First a bucket is located in a bucket table. This is a once per lookup
operation. If the bucket table is small and there are many lookups, there is
a good chance that the next lookup will find a bucket in fast cache and
avoid many hundres worth of instructions missed on failed cache.

Once the bucket is located, there is a list of possible matches, all with
same hash key. The better the hash, the shorter the list. The list is
typically searched from head to tail. Each visit risks a cache miss. The
good thing is that all entries can be stored close to each other in an
array, so the risk of a cache miss is proportional to the actual data
stored. This is contrary to the bucket table where the risk is proportional
to the total number of buckets. Fortunately the bucket table can be as small
as a single pointer. It therefore makes sense to use about as much memory on
buckets as on stored hash entries. If the entry table is allocated in one
block, it will on average be 50%-75% depending on expansion scheme. Thus an
easy option is to set the bucket table to 50% of entry table, but this can
only be tuned by careful performance measures as there are many factors. A
bucket size the same as the average load of the entry table will on average
give 1 entry per bucket and have equal load on the cache as the entry
table - a larger bucket table may just consume too much memory and reduce
cache effiency - but this also depends on the quality of the hash key.

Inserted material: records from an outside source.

Lemma compact_nested_closed (K : topologicalType) (A : nat -> set K) :
  compact [set: K] -> (forall n, closed (A n)) ->
  (forall n, A n.+1 `<=` A n) -> (forall n, A n !=set0) ->
  exists k, forall n, A n k.
Proof.
move=> Kc clA decrA neA.
have antiA m n : (m <= n)%N -> A n `<=` A m.
  elim: n => [|n IH]; first by rewrite leqn0 => /eqP ->.
  by rewrite leq_eqVlt => /orP [/eqP -> //|/IH AnAm x /decrA /AnAm].
pose F := filter_from [set: nat] A.
have F_proper : ProperFilter F.
  apply: filter_from_proper => [|n _]; last exact: neA.
  apply: filter_from_filter => [|m n _ _]; first by exists 0%N.
  exists (maxn m n) => // x Ax.
  by split; apply: (antiA _ (maxn m n)) Ax; rewrite ?leq_maxl ?leq_maxr.
have [k [_ clusterk]] := Kc F F_proper filterT.
by exists k => n; apply: (clA n) => B Bk; apply: clusterk => //; exists n.
Qed.

Lemma open_nbhs_separating (T : topologicalType) (I : eqType) (C : I -> bool -> set T)
    (z : T) (s : seq I) :
  (forall i b, closed (C i b)) -> (forall i, C i false `&` C i true = set0) ->
  exists2 U, open U /\ U z & {in s, forall i, exists b, U `&` C i b = set0}.
Proof.
move=> clC disjC; elim: s => [|i s [U [oU Uz] sepU]].
  by exists setT => //; split => //; exact: openT.
have [b nCz] : exists b, ~ C i b z.
  have [C0z|] := pselect (C i false z); last by exists false.
  by exists true => C1z; have : (C i false `&` C i true) z by []; rewrite disjC.
exists (U `&` ~` C i b); first by split; [apply: openI; rewrite ?openC|].
move=> j; rewrite inE => /orP [/eqP ->|/sepU [c UC]].
  by exists b; rewrite -setIA setICl setI0.
by exists c; apply: subsetI_eq0 UC => // x [].
Qed.

Definition metric_for (M : topologicalType) (d : M -> M -> Real) : Prop :=
  [/\ (forall x y, 0 <= d x y),
      (forall x y, d x y = 0 <-> x = y),
      (forall x y, d x y = d y x),
      (forall x y z, d x z <= d x y + d y z) &
      (forall A : set M, open A <->
         (forall x, A x -> exists2 eps : Real, 0 < eps &
            [set y | d x y < eps] `<=` A))].

Section Metric.
Variables (M : topologicalType) (d : M -> M -> Real).
Hypothesis dM : metric_for d.

Let d_eq0 x y : d x y = 0 <-> x = y. Proof. by case: dM. Qed.
Let dC x y : d x y = d y x. Proof. by case: dM. Qed.
Let d_triangle x y z : d x z <= d x y + d y z. Proof. by case: dM. Qed.
Let d_open (A : set M) : open A <->
  (forall x, A x -> exists2 eps : Real, 0 < eps & [set y | d x y < eps] `<=` A).
Proof. by case: dM. Qed.

Definition dball (c : M) (r : Real) := [set y | d c y < r].
Definition dcball (c : M) (r : Real) := [set y | d c y <= r].

Lemma dist_gt0 p q : p <> q -> 0 < d p q.
Proof.
case: dM => d_ge0 _ _ _ _ pq.
by rewrite lt_neqAle d_ge0 andbT; apply/eqP => /esym /d_eq0.
Qed.

Lemma dball_open c r : open (dball c r).
Proof.
rewrite /dball; apply/d_open => x /= cx; exists (r - d c x); first by rewrite subr_gt0.
by move=> y /= xy; have := d_triangle c x y; lra.
Qed.

Lemma dball_nbhs c r : 0 < r -> nbhs c (dball c r).
Proof.
move=> r_gt0; apply: open_nbhs_nbhs; split; first exact: dball_open.
by rewrite /dball /= (d_eq0 c c).2.
Qed.

Lemma dcball_closed c r : closed (dcball c r).
Proof.
rewrite /dcball -openC; apply/d_open => x /= /negP; rewrite -ltNge => rx.
exists (d c x - r) => [|y /= xy cy]; first by rewrite subr_gt0.
by have := d_triangle c y x; rewrite (dC y x); lra.
Qed.

Lemma dcball_disjoint p q r : 2 * r < d p q -> dcball p r `&` dcball q r = set0.
Proof.
move=> pq; apply/seteqP; split=> // z; rewrite /dcball /= => -[pz qz].
by have := d_triangle p z q; rewrite (dC z q); lra.
Qed.

Section Separable.
Hypothesis M_sep : separable M.

Definition condensation (S : set M) (z : M) :=
  forall r, 0 < r -> ~ countable (S `&` dball z r).

Lemma countable_not_condensation (S : set M) : countable (S `\` condensation S).
Proof.
have [D [cD denseD]] := M_sep.
pose P := [set ck : M * nat | D ck.1 /\ countable (S `&` dball ck.1 ck.2.+1%:R^-1)].
apply: (@subset_countable _ _ (\bigcup_(ck in P) (S `&` dball ck.1 ck.2.+1%:R^-1))).
  move=> z [Sz /existsNP [r /not_implyP [r_gt0 /contrapT cntr]]].
  have r2_gt0 : 0 < r / 2 by rewrite divr_gt0.
  have [k _ /(_ k) /(_ (leqnn _)) /= k_lt] := near_infty_natSinv_lt (PosNum r2_gt0).
  set δ : Real := k.+1%:R^-1 in k_lt.
  have δ_gt0 : 0 < δ by rewrite invr_gt0 ltr0n.
  have [c Dc zc] : exists2 c, D c & d z c < δ.
    have : closure D z by rewrite denseD.
    by move=> /(_ _ (dball_nbhs z δ_gt0)) [c [Dc zc]]; exists c.
  have ball_sub : dball c δ `<=` dball z r.
    by rewrite /dball => w /= cw; have := d_triangle z c w; lra.
  exists (c, k); last by split => //; rewrite /dball /= dC.
  by split=> //=; apply: subset_countable cntr => w [Sw /ball_sub].
apply: bigcup_countable => [|ck [] //].
apply: (@subset_countable _ _ (D `*` setT)); first by move=> ck [].
exact: countableX cD (countableP _).
Qed.
(* Let $(X,d_X)$ and $(Y,d_Y)$ be separable metric spaces with $X$ zero-dimensional, and let $\xi$ be a nonzero countable ordinal. A function $f:X\to Y$ is of Baire class $\xi$ if and only if there is a sequence of functions $X\to Y$ converging uniformly to $f$ such that each of them is locally constant on some $\mathbf{\Pi}^0_\xi$-partition of $X$. The same equivalence holds with ''locally constant'' replaced by ''locally Lipschitz'', and also with ''locally constant'' replaced by ''locally continuous''.
   Context: Work in ZF plus countable choice over the reals. $f$ is of Baire class $1$ if $f^{-1}(U)\in\mathbf{\Sigma}^0_2(X)$ for every open $U\subseteq Y$; for $1<\xi<\omega_1$, $f$ is of Baire class $\xi$ if it is the pointwise limit of functions $f_n:X\to Y$ each of Baire class $\xi_n$ for some $1\le\xi_n<\xi$. A $\mathbf{\Pi}^0_\xi$-partition of $X$ is a family $\langle C_n:n<N\rangle$, $1\le N\le\omega$, of nonempty pairwise disjoint sets in $\mathbf{\Pi}^0_\xi(X)$ whose union is $X$. A function $g:X\to Y$ is locally constant (resp. Lipschitz, continuous) on such a partition if there are constant (resp. Lipschitz, continuous) functions $g_n:X\to Y$ with $g\restriction C_n=g_n\restriction C_n$ for all $n<N$. *)

From Stdlib Require Import Reals.
Open Scope R_scope.

(* Semantics: |OZ| = 0, |OS x| = |x|+1, |OL f| = sup_n |f n|.
   Every countable ordinal is denoted by some tree. *)
Inductive Ord : Type :=
| OZ : Ord
| OS : Ord -> Ord
| OL : (nat -> Ord) -> Ord.

(* ord_le x y  <->  |x| <= |y| ;  ord_lt x y <-> |x| < |y| *)
Fixpoint ord_le (x y : Ord) {struct x} : Prop :=
  match x with
  | OZ => True
  | OS x' =>
      (fix lt' (y : Ord) : Prop :=
         match y with
         | OZ => False
         | OS y' => ord_le x' y'
         | OL g => exists n, lt' (g n)
         end) y
  | OL f => forall n, ord_le (f n) y
  end.

Definition ord_lt (x y : Ord) : Prop := ord_le (OS x) y.

Definition ord_one : Ord := OS OZ.
Definition ord_two : Ord := OS (OS OZ).

Definition is_metric {X : Type} (d : X -> X -> R) : Prop :=
  (forall x y, d x y = 0 <-> x = y) /\
  (forall x y, d x y = d y x) /\
  (forall x y z, d x z <= d x y + d y z).

(* separable: a countable dense subset (possibly empty, as an option-valued enumeration) *)
Definition separable {X : Type} (d : X -> X -> R) : Prop :=
  exists s : nat -> option X,
    forall x e, 0 < e -> exists n y, s n = Some y /\ d x y < e.

Definition mopen {X : Type} (d : X -> X -> R) (U : X -> Prop) : Prop :=
  forall x, U x -> exists r, 0 < r /\ forall y, d x y < r -> U y.

Definition mclosed {X : Type} (d : X -> X -> R) (F : X -> Prop) : Prop :=
  mopen d (fun x => ~ F x).

Definition zero_dimensional {X : Type} (d : X -> X -> R) : Prop :=
  forall (U : X -> Prop) x, mopen d U -> U x ->
    exists V : X -> Prop, mopen d V /\ mclosed d V /\ V x /\
      (forall y, V y -> U y).

(* Sigma^0_1 = open sets; for xi > 1, Sigma^0_xi = countable unions of sets in
   Pi^0_eta for some 1 <= eta < xi;  Pi^0_xi = complements of Sigma^0_xi. *)
Inductive Sigma0 {X : Type} (d : X -> X -> R) : Ord -> (X -> Prop) -> Prop :=
| Sigma0_open (xi : Ord) (A : X -> Prop) :
    ord_lt OZ xi -> ord_le xi ord_one -> mopen d A -> Sigma0 d xi A
| Sigma0_union (xi : Ord) (eta : nat -> Ord) (B : nat -> X -> Prop) :
    (forall n, ord_lt OZ (eta n)) -> (forall n, ord_lt (eta n) xi) ->
    (forall n, Sigma0 d (eta n) (B n)) ->
    Sigma0 d xi (fun x => exists n, ~ B n x).

Definition Pi0 {X : Type} (d : X -> X -> R) (xi : Ord) (A : X -> Prop) : Prop :=
  Sigma0 d xi (fun x => ~ A x).

Definition pointwise_cv {X Y : Type} (dY : Y -> Y -> R)
  (fn : nat -> X -> Y) (f : X -> Y) : Prop :=
  forall x e, 0 < e -> exists N, forall n, (N <= n)%nat -> dY (fn n x) (f x) < e.

Definition uniform_cv {X Y : Type} (dY : Y -> Y -> R)
  (fn : nat -> X -> Y) (f : X -> Y) : Prop :=
  forall e, 0 < e -> exists N, forall n, (N <= n)%nat -> forall x, dY (fn n x) (f x) < e.

Inductive BaireClass {X Y : Type} (dX : X -> X -> R) (dY : Y -> Y -> R) :
  Ord -> (X -> Y) -> Prop :=
| Baire_one (xi : Ord) (f : X -> Y) :
    ord_lt OZ xi -> ord_le xi ord_one ->
    (forall U, mopen dY U -> Sigma0 dX ord_two (fun x => U (f x))) ->
    BaireClass dX dY xi f
| Baire_lim (xi : Ord) (eta : nat -> Ord) (fn : nat -> X -> Y) (f : X -> Y) :
    ord_lt ord_one xi ->
    (forall n, ord_lt OZ (eta n)) -> (forall n, ord_lt (eta n) xi) ->
    (forall n, BaireClass dX dY (eta n) (fn n)) ->
    pointwise_cv dY fn f ->
    BaireClass dX dY xi f.

(* A family <C_n : n < N>, 1 <= N <= omega; N = None encodes omega. *)
Definition in_index (N : option nat) (n : nat) : Prop :=
  match N with Some k => (n < k)%nat | None => True end.

Definition Pi_partition {X : Type} (dX : X -> X -> R) (xi : Ord)
  (N : option nat) (C : nat -> X -> Prop) : Prop :=
  in_index N 0 /\
  (forall n, in_index N n -> exists x, C n x) /\
  (forall n, in_index N n -> Pi0 dX xi (C n)) /\
  (forall n m x, in_index N n -> in_index N m -> C n x -> C m x -> n = m) /\
  (forall x, exists n, in_index N n /\ C n x).

Definition is_constant {X Y : Type} (g : X -> Y) : Prop :=
  exists y, forall x, g x = y.

Definition is_lipschitz {X Y : Type} (dX : X -> X -> R) (dY : Y -> Y -> R)
  (g : X -> Y) : Prop :=
  exists L, 0 <= L /\ forall x x', dY (g x) (g x') <= L * dX x x'.

Definition is_continuous {X Y : Type} (dX : X -> X -> R) (dY : Y -> Y -> R)
  (g : X -> Y) : Prop :=
  forall x e, 0 < e -> exists r, 0 < r /\
    forall x', dX x x' < r -> dY (g x) (g x') < e.

Definition locally_on {X Y : Type} (P : (X -> Y) -> Prop)
  (N : option nat) (C : nat -> X -> Prop) (g : X -> Y) : Prop :=
  exists gn : nat -> X -> Y,
    forall n, in_index N n -> P (gn n) /\ forall x, C n x -> g x = gn n x.

Definition unif_limit_piecewise {X Y : Type} (dX : X -> X -> R) (dY : Y -> Y -> R)
  (xi : Ord) (P : (X -> Y) -> Prop) (f : X -> Y) : Prop :=
  exists fk : nat -> X -> Y,
    uniform_cv dY fk f /\
    forall k, exists N C, Pi_partition dX xi N C /\ locally_on P N C (fk k).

The next cache problem, is the number of key comparison operations. If the
bucket size is chosen as mentioned above, we will only expect slightly more
than one entry per bucket on average, although collisions will occur -
especially with a bad hash. For the purpose of illustration, assume a
collision list on average is 4 entries long, then on average 2 keys must be
examined for each lookup. If the key is small enough to be stored in the
hash entry itself, this comparison is cheap. If the key is stored in
external data, each key may potentially be a cache miss as well. An external
key may also be slow to compare for other reasons than potential cache miss:
long string comparions, function calls to compare function etc., so
collisions should be avoided.

One technique to avoid accessing external keys more often than necessary is
to compare the full hash key before visiting the key: Typically a hash key
is 32 bit and the crunched to bucket table size either using modulo prime or
in the case of Jenkins, the much faster modulo power of two. By storing the
full hash key in the hash entry, the collision list is effectively made much
shorter because the risc of collisions in the full hash is much smaller than
the risc of collisions in the full hash. It is very cheap to compare the
full hash if it is the original output of the hash operation and fits a
machineword (or two). We still may need to visit all entries in the
collision list, but probably only compare a single external key.
Storing the hash key in the hash entry makes the entry larger and therefore
increases the risc of cache misses. Storing the hash key has another
benefit: growing the hash table can avoid recalculating the hash keys. A
typical hash table entry would therefore be:

<hash-key, key or link to key, data, next-collison link>

or the minimum: <link to key and data, next-collision link>

Or to put a long story short: CPU is much faster than memory, so any
performance optimization should first and foremost minimize the number of
memory accesses that are far apart. If the typical case is access to a
single location, or access to data in the same cache, a complex algorithm
reducing memory accesses may be too expensive. Notably a tight loop is
faster than most things. Code is also subject to cache misses in the
instruction pipeline so an algorithm can get too complex.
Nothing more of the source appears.